Q a great the­atre ex­pe­ri­ence

Auckland City Harbour News - - News - By Heather McCracken

It’ll be three years be­fore the­atre­go­ers are find­ing their seats or queu­ing for a drink at Q The­atre.

But project man­ager Tim Dow­son is al­ready wor­ry­ing about their ex­pe­ri­ence.

“We’re talk­ing about what the ex­pe­ri­ence will be of a pa­tron arriving here, or a per­son just rock­ing up for a drink with friends,” Mr Dow­son says.

And that’s bal­anced against how the $21 mil­lion venue will work for ac­tors, direc­tors, tech­ni­cians, ush­ers, or bar staff.

“It’s a com­pli­cated beast.

“We’ve got some real chal­lenges but none of them are in­sur­mount­able, and it’s all part of the fun.”

Mr Dow­son joined the Q team in Novem­ber, where he’s manag­ing the com­pli­ca­tions of adapt­ing a her­itage build­ing to the needs of a flex­i­ble, mod­ern the­atre.

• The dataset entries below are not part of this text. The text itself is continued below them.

Lemma imbalance_lower n k (X Y : 'M[R]_(n, k)) (AX AY : 'M[R]_(n, k))
    (DX BX DY BY S Q A SQ B : 'M[R]_k) a :
  is_svd X AX DX BX -> is_svd Y AY DY BY -> 0 <= a ->
  (forall i, a <= DX i i) -> (forall i, a <= DY i i) ->
  X^T *m X = Q^T *m S *m Q -> Y^T *m Y = invmx Q *m S *m (invmx Q)^T ->
  Q \in unitmx -> is_svd Q A SQ B ->
  4 * (a ^+ 2) ^+ 2 * frob2 (SQ - invmx SQ) <= frob2 (X^T *m X - Y^T *m Y).
Proof.
move=> svdX svdY a0 aX aY XtX YtY Qu svdQ.
have [SQpos iSQ iQ] := svd_of_unit Qu svdQ.
case: svdQ => [_ [hB [hSQ hQe]]]; have SQT := diag_nonneg_sym hSQ.
case: hSQ => [SQoff _].
have iSQT : (invmx SQ)^T = invmx SQ by rewrite iSQ tr_diag_mx.
set W := A^T *m S *m A.
have P1 : B^T *m (X^T *m X) *m B = SQ *m W *m SQ.
  rewrite XtX hQe !trmx_mul trmxK SQT -!mulmxA (mulmxA B^T B) hB mul1mx mulmx1 /W.
  by rewrite -?mulmxA.
have P2 : B^T *m (Y^T *m Y) *m B = invmx SQ *m W *m invmx SQ.
  rewrite YtY iQ !trmx_mul trmxK iSQT -!mulmxA (mulmxA B^T B) hB mul1mx mulmx1 /W.
  by rewrite -?mulmxA.
have dP1 i : (SQ *m W *m SQ) i i = SQ i i * W i i * SQ i i.
  by rewrite {1 2}(diag_of SQoff) diag_sandwich !mxE.
have dP2 i : (invmx SQ *m W *m invmx SQ) i i = (SQ i i)^-1 * W i i * (SQ i i)^-1.
  by rewrite iSQ diag_sandwich !mxE.
have l1 i : a ^+ 2 <= SQ i i * W i i * SQ i i.
  by have := svd_lower B i svdX a0 aX; rewrite hB P1 (dP1 i) mxE eqxx mulr1n mulr1.
have l2 i : a ^+ 2 <= (SQ i i)^-1 * W i i * (SQ i i)^-1.
  by have := svd_lower B i svdY a0 aY; rewrite hB P2 (dP2 i) mxE eqxx mulr1n mulr1.
rewrite -(frob2_orth_conj (X^T *m X - Y^T *m Y) hB) mulmxBr mulmxBl P1 P2.
apply: le_trans (diag_le_frob2 _).
rewrite frob2_diag; last by move=> i j ij; rewrite !mxE iSQ !mxE (negbTE ij) mulr0n subr0 SQoff.
rewrite mulr_sumr; apply: ler_sum => i _.
rewrite !mxBE (dP1 i) (dP2 i) iSQ mxE eqxx mulr1n mxE.
by apply: sandwich_gap; rewrite ?sqr_ge0.
Qed.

Any small change in de­sign can have a flowon ef­fect on acous­tics or sight-lines for the au­di­ence or per­form­ers.

“Ev­ery­thing is so in­te­grated that you can’t work in iso­la­tion,” he says.

And Q The­atre needs to work in sev­eral dif­fer­ent con­fig­u­ra­tions – the aim is for the the­atre to be rein­vented ev­ery time a show goes on.

“Ul­ti­mately it’s just a box that you play in,” Mr Dow­son says.

“If a di­rec­tor comes in and says, ‘I want to do this’, it’s flex­i­ble enough to do it.”

The venue on Queen St, be­side the town hall, will in­clude a bar and cafe, re­hearsal space, and flexi-form the­atre of be­tween 350 and 450 seats.

Fi­nal fund­ing was con­firmed when a $6m lot­ter­ies grant was an­nounced in Novem­ber, adding to money al­ready raised from com­mu­nity trusts, Auck­land City Coun­cil and pri­vate donors.

The project has not had unan­i­mous sup­port from the arts com­mu­nity, but an in­de­pen­dent study last year showed the mid-size venue was ur­gently needed.

Q sup­port­ers also hope it will also be­come a gath­er­ing place where ideas can be shared and ex­plored.

“Tech­ni­cians will be able to chat with ac­tors, and direc­tors will be able to talk with de­sign­ers,” Mr Dow­son says.

“It won’t just be about what’s hap­pen­ing in the main au­di­to­rium.”

Mr Dow­son’s the­atre ca­reer has in­cluded work­ing on construction of the Aotea Cen­tre and the Bruce Ma­son The­atre, and the ren­o­va­tion of the Civic The­atre.

“Back then we were cer­tainly bet­ter at knock­ing the­atres down than build­ing them,” he says.

“But I think as a city we’re start­ing to ac­knowl­edge some of th­ese things.

“There was huge com­mu­nity pride in the fact that the Civic was saved, and I think healthy cities need th­ese fa­cil­i­ties to tell our sto­ries.”

Q The­atre gen­eral man­ager Suzanne Ritzen­hoff says Mr Dow­son brings valu­able ex­pe­ri­ence to the team.

“He’s got a very rare com­bi­na­tion of skills in terms of know­ing the in­dus­try re­ally well, hav­ing been through the process of build­ing an en­tire the­atre, and hav­ing the re­fur­bish­ment of the Civic un­der his belt,” she says.

“He’s gone through the process of trans­lat­ing the needs of the in­dus­try through to ar­chi­tec­tural plans.”

Ms Ritzen­hoff says build­ing con­sent applications are on track for work to start at the end of the year or early 2010.

Photo: AMELIA JA­COB­SEN

Play box: Project di­rec­tor Tim Dow­son with a work­ing model of Q The­atre, to be built on Auck­land’s Queen St.